Why would editors be willing to use such a low-quality, gigantic device? It provided essentially instantaneous access to any point in the stored material, something we take for granted today but that was almost as unheard of even in 1988 (the year before Avid) as it was a century earlier, in 1888, when Oberlin Smith wrote of a recording system “that if some small portion of the record near the middle has to be repeated there is a good deal of unwinding to get at it.”
The known advantages of videodisc recording by 1971, therefore, included random-access (CMX), continuous recording (MVR), variable-speed motion (Ampex), and even faster-than-real-time transfer (Baird). There were disadvantages of size, quality, and cost, but those were traditionally taken care of with time. The first videotape recorder, in 1956, was huge and expensive and produced poor-quality black-&-white images; by 1971, there was a color, tabletop unit designed for home use.

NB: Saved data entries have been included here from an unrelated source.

Lemma le_lambda_n_iff (n : nat) (x r : R) :
  Rbar_le r (lambda_n n x) <->
  forall e, 0 < e -> exists s t, (0 < t)%Z /\
    0 < Rabs (IZR s / IZR t - x) < e /\ r - e < lag_term n x s t.
Proof.
  split.
  - intros H e He.
    assert (Hsup : Rbar_le r (lag_sup n x e)).
    { eapply Rbar_le_trans; [exact H|]. apply Rbar_glb_lb. eauto. }
    destruct (proj1 (Rbar_le_lub_iff _ _) Hsup e He) as [y [[s [t [Ht [Hd ->]]]] Hy]].
    eauto.
  - intros H. apply Rbar_glb_greatest. intros y [d [Hd ->]].
    apply Rbar_le_lub_iff. intros e He.
    destruct (H (Rmin d e)) as [s [t [Ht [Hdist Hlt]]]]; [apply Rmin_pos; auto|].
    pose proof (Rmin_l d e). pose proof (Rmin_r d e).
    exists (Finite (lag_term n x s t)). split; [exists s, t; repeat split; auto; lra|simpl; lra].
Qed.

(* A finite list of candidates cannot all fail for arbitrarily small [e]:
   one candidate fails for some [e0], and then for every [e <= e0]. *)
Lemma exists_in_forall_pos {A : Type} (l : list A) (P : A -> R -> Prop) :
  (forall a e e', P a e -> e <= e' -> P a e') ->
  (forall e, 0 < e -> exists a, In a l /\ P a e) ->
  exists a, In a l /\ forall e, 0 < e -> P a e.
Proof.
  intros Hmono. induction l as [|a l IH]; intros Hex.
  - destruct (Hex 1 Rlt_0_1) as [a [[] _]].
  - destruct (classic (forall e, 0 < e -> P a e)) as [Ha|Ha].
    + exists a. split; [left|]; auto.
    + apply not_all_ex_not in Ha as [e0 He0]. apply imply_to_and in He0 as [He0 Hna].
      destruct IH as [b [Hb Pb]].
      * intros e He. destruct (Hex (Rmin e e0)) as [b [[<-|Hb] Pb]];
          [apply Rmin_pos; auto| |].
        -- exfalso. apply Hna, (Hmono _ _ _ Pb), Rmin_r.
        -- exists b. split; auto. apply (Hmono _ _ _ Pb), Rmin_l.
      * exists b. split; [right|]; auto.
Qed.

Lemma Z_gcd_range (t N : Z) : (0 < N)%Z -> (1 <= Z.gcd t N <= N)%Z.
Proof.
  intros HN. pose proof (Z.gcd_nonneg t N).
  assert (Z.gcd t N <> 0%Z) by (rewrite Z.gcd_eq_0; lia).
  split; [lia|]. apply Z.divide_pos_le; auto. apply Z.gcd_divide_r.
Qed.

Lemma In_gcd_seq (t : Z) (n : nat) : (0 < n)%nat ->
  In (Z.gcd t (Z.of_nat n)) (map Z.of_nat (seq 0 (S n))).
Proof.
  intros Hn. pose proof (Z_gcd_range t (Z.of_nat n) ltac:(lia)).
  apply in_map_iff. exists (Z.to_nat (Z.gcd t (Z.of_nat n))). split.
  - apply Z2Nat.id. lia.
  - apply in_seq. lia.
Qed.

(* With [d = gcd(M, g)] and [c = g / d], [M * c = lcm(M, g)] divides [N]. *)
Lemma exists_scaling_factor_gcd (M N g : Z) :
  (0 < M)%Z -> (0 < N)%Z -> (M | N)%Z -> (0 < g)%Z -> (g | N)%Z ->
  exists c, (0 < c)%Z /\
    (forall t, Z.gcd t M * c <= Z.gcd (t * c) N)%Z /\
    (forall t, Z.gcd t N = g -> exists t', t = (t' * c)%Z /\ (g <= Z.gcd t' M * c)%Z).
Proof.
  intros HM HN HMN Hg HgN.
  set (d := Z.gcd M g). set (c := (g / d)%Z).
  assert (Hd : (0 < d)%Z) by (pose proof (Z_gcd_range M g Hg); lia).
  assert (Hgdc : g = (d * c)%Z) by (apply Zdivide_Zdiv_eq; auto; apply Z.gcd_divide_r).
  assert (Hc : (0 < c)%Z) by nia.
  assert (HMc : (M * c | N)%Z).
  { apply Z.divide_abs_l. change (Z.lcm M g | N)%Z. apply Z.lcm_least; auto. }
  exists c. split; [|split]; auto.
  - intros t.
    replace (Z.gcd t M * c)%Z with (Z.gcd (t * c) (M * c))
      by (rewrite Z.gcd_mul_mono_r, Z.abs_eq; lia).
    apply Z.divide_pos_le; [pose proof (Z_gcd_range (t * c) N HN); lia|].
    apply Z.gcd_greatest; [apply Z.gcd_divide_l|].
    eapply Z.divide_trans; [apply Z.gcd_divide_r|exact HMc].
  - intros t Ht. destruct (Z.gcd_divide_l t N) as [k Hk]. rewrite Ht, Hgdc in Hk.
    exists (k * d)%Z. split; [lia|]. rewrite Hgdc.
    apply Z.mul_le_mono_pos_r; auto.
    apply Z.divide_pos_le; [pose proof (Z_gcd_range (k * d) M HM); lia|].
    apply Z.gcd_greatest; [exists k; lia|apply Z.gcd_divide_l].
Qed.

(* Some gcd class [gcd(t, n) = g] carries the property for all [e]; the
   factor [c] of [exists_scaling_factor_gcd] for [g] maps that class into [m]. *)
Lemma exists_scaling_factor (m n : nat) (Q : Z -> R -> Prop) :
  (0 < m)%nat -> (0 < n)%nat -> Nat.divide m n ->
  (forall t e e', Q t e -> e <= e' -> Q t e') ->
  (forall e, 0 < e -> exists t, Q t e) ->
  exists c, (0 < c)%Z /\
    (forall t, Z.gcd t (Z.of_nat m) * c <= Z.gcd (t * c) (Z.of_nat n))%Z /\
    (forall e, 0 < e -> exists t, Q (t * c)%Z e /\
       (Z.gcd (t * c) (Z.of_nat n) <= Z.gcd t (Z.of_nat m) * c)%Z).
Proof.
  intros Hm Hn [k Hk] Hmono Hex. set (N := Z.of_nat n).
  destruct (exists_in_forall_pos (map Z.of_nat (seq 0 (S n)))
              (fun g e => exists t, Z.gcd t N = g /\ Q t e)) as [g [_ Hg]].
  { intros g e e' [t [Ht HQ]] He. exists t. split; auto. apply (Hmono _ _ _ HQ He). }
  { intros e He. destruct (Hex e He) as [t HQ].
    exists (Z.gcd t N). split; [apply In_gcd_seq; auto|]. exists t. auto. }
  destruct (Hg 1 Rlt_0_1) as [t1 [Hg1 _]].
  destruct (exists_scaling_factor_gcd (Z.of_nat m) N g) as [c [Hc [Hup Hdown]]];
    [lia|lia|exists (Z.of_nat k); lia|pose proof (Z_gcd_range t1 N ltac:(lia)); lia|
     rewrite <- Hg1; apply Z.gcd_divide_r|].
  exists c. split; [|split]; auto.
  intros e He. destruct (Hg e He) as [t [Hgt HQ]].
  destruct (Hdown t Hgt) as [t' [-> Hw]].
  exists t'. rewrite Hgt. auto.
Qed.

Lemma irrational_IZR_mul (c : Z) (x : R) :
  (0 < c)%Z -> irrational x -> irrational (IZR c * x).
Proof.
  intros Hc Hx [p [q [Hq E]]]. apply Hx. exists p, (c * q)%Z. split; [lia|].
  assert (IZR c <> 0) by (apply not_0_IZR; lia).
  assert (IZR q <> 0) by (apply not_0_IZR; lia).
  rewrite mult_IZR. apply (Rmult_eq_reg_l (IZR c)); auto. rewrite E. field. auto.
Qed.

Lemma Rabs_div_sub_mul (s t c x : R) : t <> 0 -> 0 < c ->
  Rabs (s / t - c * x) = c * Rabs (s / (t * c) - x).
Proof.
  intros Ht Hc. replace (s / t - c * x) with (c * (s / (t * c) - x)) by (field; lra).
  rewrite Rabs_mult, (Rabs_pos_eq c); lra.
Qed.

Definition lag_weighted (w x : R) (s t : Z) : R :=
  w / (IZR t ^ 2 * Rabs (IZR s / IZR t - x)).

Definition mark_weighted (w x x' : R) (s t : Z) : Rbar :=
  let d := Rabs (IZR s - IZR t * x) * Rabs (IZR s - IZR t * x') in
  if Req_EM_T d 0 then p_infty else Finite (w * Rabs (x - x') / d).

Lemma lag_weighted_le_weight (w w' x : R) (s t : Z) :
  w <= w' -> lag_weighted w x s t <= lag_weighted w' x s t.
Proof.
  intros Hw. unfold lag_weighted.
  set (D := IZR t ^ 2 * Rabs (IZR s / IZR t - x)).
  assert (HD : 0 <= D) by (apply Rmult_le_pos; [apply pow2_ge_0|apply Rabs_pos]).
  destruct (Req_dec D 0) as [->|HD0].
  - unfold Rdiv. rewrite Rinv_0. lra.
  - apply Rmult_le_compat_r; auto. left. apply Rinv_0_lt_compat. lra.
Qed.

Lemma mark_weighted_le_weight (w w' x x' : R) (s t : Z) :
  w <= w' -> Rbar_le (mark_weighted w x x' s t) (mark_weighted w' x x' s t).
Proof.
  intros Hw. unfold mark_weighted. cbv zeta.
  destruct (Req_EM_T _ 0) as [_|HD0]; simpl; auto.
  apply Rmult_le_compat_r.
  - left. apply Rinv_0_lt_compat.
    pose proof (Rmult_le_pos _ _ (Rabs_pos (IZR s - IZR t * x)) (Rabs_pos (IZR s - IZR t * x'))).
    lra.
  - apply Rmult_le_compat_r; auto. apply Rabs_pos.
Qed.

Lemma lag_term_scale (m : nat) (c s t : Z) (x : R) : (0 < c)%Z -> (t <> 0)%Z ->
  lag_term m (IZR c * x) s t = lag_weighted (IZR (Z.gcd t (Z.of_nat m) * c)) x s (t * c).
Proof.
  intros Hc Ht. unfold lag_term, lag_weighted. rewrite !mult_IZR.
  assert (HC : 0 < IZR c) by (apply IZR_lt; lia).
  assert (HT : IZR t <> 0) by (apply not_0_IZR; lia).
  rewrite Rabs_div_sub_mul by auto.
  generalize (Rabs (IZR s / (IZR t * IZR c) - x)). intros a.
  unfold Rdiv. rewrite !Rinv_mult.
  generalize (/ a). intros inv_a.
  field. split; lra.
Qed.

Lemma mark_term_scale (m : nat) (c s t : Z) (x x' : R) : (0 < c)%Z ->
  mark_term m (IZR c * x) (IZR c * x') s t =
  mark_weighted (IZR (Z.gcd t (Z.of_nat m) * c)) x x' s (t * c).
Proof.
  intros Hc. unfold mark_term, mark_weighted. cbv zeta. rewrite !mult_IZR.
  assert (HC : 0 < IZR c) by (apply IZR_lt; lia).
  rewrite <- !Rmult_assoc.
  destruct (Req_EM_T _ 0); auto. f_equal.
  replace (IZR c * x - IZR c * x') with (IZR c * (x - x')) by ring.
  rewrite Rabs_mult, (Rabs_pos_eq (IZR c)) by lra.
  f_equal. ring.
Qed.

Section ScalingUpperBound.

Variables (m n : nat) (c : Z).
Hypothesis c_pos : (0 < c)%Z.
Hypothesis gcd_scale_le :
  forall t, (Z.gcd t (Z.of_nat m) * c <= Z.gcd (t * c) (Z.of_nat n))%Z.

Lemma lag_sup_scale_le (x d : R) :
  Rbar_le (lag_sup m (IZR c * x) (IZR c * d)) (lag_sup n x d).
Proof.
  assert (HC : 0 < IZR c) by (apply IZR_lt; lia).
  apply Rbar_lub_least. intros y [s [t [Ht [Hdist ->]]]].
  rewrite Rabs_div_sub_mul in Hdist by (auto; apply not_0_IZR; lia).
  apply Rbar_le_trans with (Finite (lag_term n x s (t * c))).
  - simpl. rewrite lag_term_scale by lia.
    apply lag_weighted_le_weight, IZR_le, gcd_scale_le.
  - apply Rbar_lub_ub. exists s, (t * c)%Z. rewrite mult_IZR.
    repeat split; try nia; nra.
Qed.

Lemma lambda_n_scale_le (x : R) : Rbar_le (lambda_n m (IZR c * x)) (lambda_n n x).
Proof.
  assert (HC : 0 < IZR c) by (apply IZR_lt; lia).
  apply Rbar_glb_greatest. intros y [d [Hd ->]].
  eapply Rbar_le_trans; [|apply lag_sup_scale_le].
  apply Rbar_glb_lb. exists (IZR c * d). split; auto. nra.
Qed.

Lemma mu_n_scale_le (x x' : R) :
  Rbar_le (mu_n m (IZR c * x) (IZR c * x')) (mu_n n x x').
Proof.
  apply Rbar_lub_least. intros y [s [t [Hst ->]]].
  rewrite mark_term_scale by auto.
  eapply Rbar_le_trans; [apply mark_weighted_le_weight, IZR_le, gcd_scale_le|].
  apply Rbar_lub_ub. exists s, (t * c)%Z. split; [nia|reflexivity].
Qed.

End ScalingUpperBound.

Lemma Lspec_dvd (m n : nat) (r : R) : (0 < m)%nat -> (0 < n)%nat -> Nat.divide m n ->
  Lspec n r -> Lspec m r.
Proof.
  intros Hm Hn Hmn [x [Hx Hl]].
  destruct (exists_scaling_factor m n (fun t e => exists s, (0 < t)%Z /\
              0 < Rabs (IZR s / IZR t - x) < e /\ r - e < lag_term n x s t))
    as [c [Hc [Hup Hdown]]]; auto.
  { intros t e e' [s [Ht [Hdist Hlt]]] He. exists s. repeat split; auto; lra. }
  { assert (Hr : Rbar_le r (lambda_n n x)) by (rewrite Hl; apply Rbar_le_refl).
    intros e He. destruct (proj1 (le_lambda_n_iff n x r) Hr e He) as [s [t Hst]]. eauto. }
  assert (HC : 1 <= IZR c) by (apply IZR_le; lia).
  exists (IZR c * x). split; [apply irrational_IZR_mul; auto|].
  apply Rbar_le_antisym; [rewrite <- Hl; apply lambda_n_scale_le; auto|].
  apply le_lambda_n_iff. intros e He.
  destruct (Hdown (e / IZR c)) as [t [[s [Ht [Hdist Hlt]]] Hw]];
    [apply Rdiv_lt_0_compat; lra|].
  assert (Hdiv : e / IZR c <= e) by (apply Rle_div_l; nra).
  exists s, t. split; [nia|]. split.
  - rewrite mult_IZR in Hdist. rewrite Rabs_div_sub_mul by (lra || apply not_0_IZR; nia).
    replace e with (IZR c * (e / IZR c)) by (field; lra). split; nra.
  - rewrite lag_term_scale by nia.
    eapply Rlt_le_trans with (lag_term n x s (t * c)); [lra|].
    apply lag_weighted_le_weight, IZR_le, Hw.
Qed.

Lemma Mspec_dvd (m n : nat) (r : R) : (0 < m)%nat -> (0 < n)%nat -> Nat.divide m n ->
  Mspec n r -> Mspec m r.
Proof.
  intros Hm Hn Hmn [x [x' [Hne Hmu]]].
  destruct (exists_scaling_factor m n (fun t e => exists s, (s <> 0 \/ t <> 0)%Z /\
              Rbar_lt (r - e) (mark_term n x x' s t)))
    as [c [Hc [Hup Hdown]]]; auto.
  { intros t e e' [s [Hst Hlt]] He. exists s. split; auto.
    eapply Rbar_le_lt_trans; [|exact Hlt]. simpl. lra. }
  { assert (Hr : Rbar_le r (mu_n n x x')) by (rewrite Hmu; apply Rbar_le_refl).
    intros e He.
    destruct (proj1 (Rbar_le_lub_iff _ r) Hr e He) as [y [[s [t [Hst ->]]] Hlt]]. eauto. }
  assert (HC : 0 < IZR c) by (apply IZR_lt; lia).
  exists (IZR c * x), (IZR c * x'). split.
  { intros E. apply Hne, (Rmult_eq_reg_l (IZR c)); lra. }
  apply Rbar_le_antisym; [rewrite <- Hmu; apply mu_n_scale_le; auto|].
  apply Rbar_le_lub_iff. intros e He.
  destruct (Hdown e He) as [t [[s [Hst Hlt]] Hw]].
  exists (mark_term m (IZR c * x) (IZR c * x') s t). split.
  - exists s, t. split; [nia|reflexivity].
  - eapply Rbar_lt_le_trans; [exact Hlt|]. rewrite mark_term_scale by auto.
    apply mark_weighted_le_weight, IZR_le, Hw.
Qed.

Theorem corollary3p2 (m n : nat) :
  (0 < m)%nat -> (0 < n)%nat -> Nat.divide m n ->
  (forall r : R, Lspec n r -> Lspec m r) /\
  (forall r : R, Mspec n r -> Mspec m r) /\
  (forall r : R, Lspec n r -> Lspec 1 r) /\
  (forall r : R, Mspec n r -> Mspec 1 r).
Proof.
  intros Hm Hn Hmn. repeat split.
  - intros r. apply Lspec_dvd; auto.
  - intros r. apply Mspec_dvd; auto.
  - intros r. apply Lspec_dvd; auto using Nat.divide_1_l.
  - intros r. apply Mspec_dvd; auto using Nat.divide_1_l.
Qed.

Perhaps the advent of the camcorder in 1981 killed research into improved disk recorders. It’s one thing to imagine the size of a half-hour recorder dropping from six dishwashers to three or even one; it’s quite another to imagine it dropping to something weighing just a few pounds attached to a shoulder-mounted camera.
Nevertheless, that’s exactly what Avid and Ikegami introduced with the first disk-based camcorder (CamCutter/Editcam) in 1995. It used a magnetic disk-drive pack that cost $2500 — quite a lot compared to any camcorder tape — but it allowed instant non-linear editing, continuous “loop” recording to eliminate the onosecond problem, the ability to edit in the camera, and more. It was not a runaway success.
Hitachi and NEC introduced optical-disk-based camcorders a few years later. The disk cost was dramatically lower than that of the Avid/Ikegami product, but those disk-based camcorders didn’t take the industry by storm either. Neither did a smaller, lighter Editcam II.
This month, Sony is introducing another optical-disk-based camcorder, this time using a blue-laser recording system. Blue light (remember the 1.33 femtosecond period?) has a smaller wavelength than red light, allowing greater disk capacity. With essentially transparent 50-million-bit-per-second MPEG-2 coding, the disk holds 45 minutes of material; with DV-type coding, it holds 90.
In either case, the system records both high-quality and “proxy” video simultaneously. The low-rate proxy images can be sent from the field at 30-times-normal speed so editing can commence even before the disk gets back. Editing is also possible in the camera. And the onosecond problem can be eliminated through loop recording.
If not even it begins to take off, it may be time to check elsewhere for the problem. Perhaps exposed to bizarre prefixes (picofarads, nanoseconds, megabits, gigahertz, and terrabytes) for so long, videographers now have trouble dealing with simple concepts. In audio, for example, there are microphones and megaphones. If you think a trillion of the former equal one of the latter, seek professional help.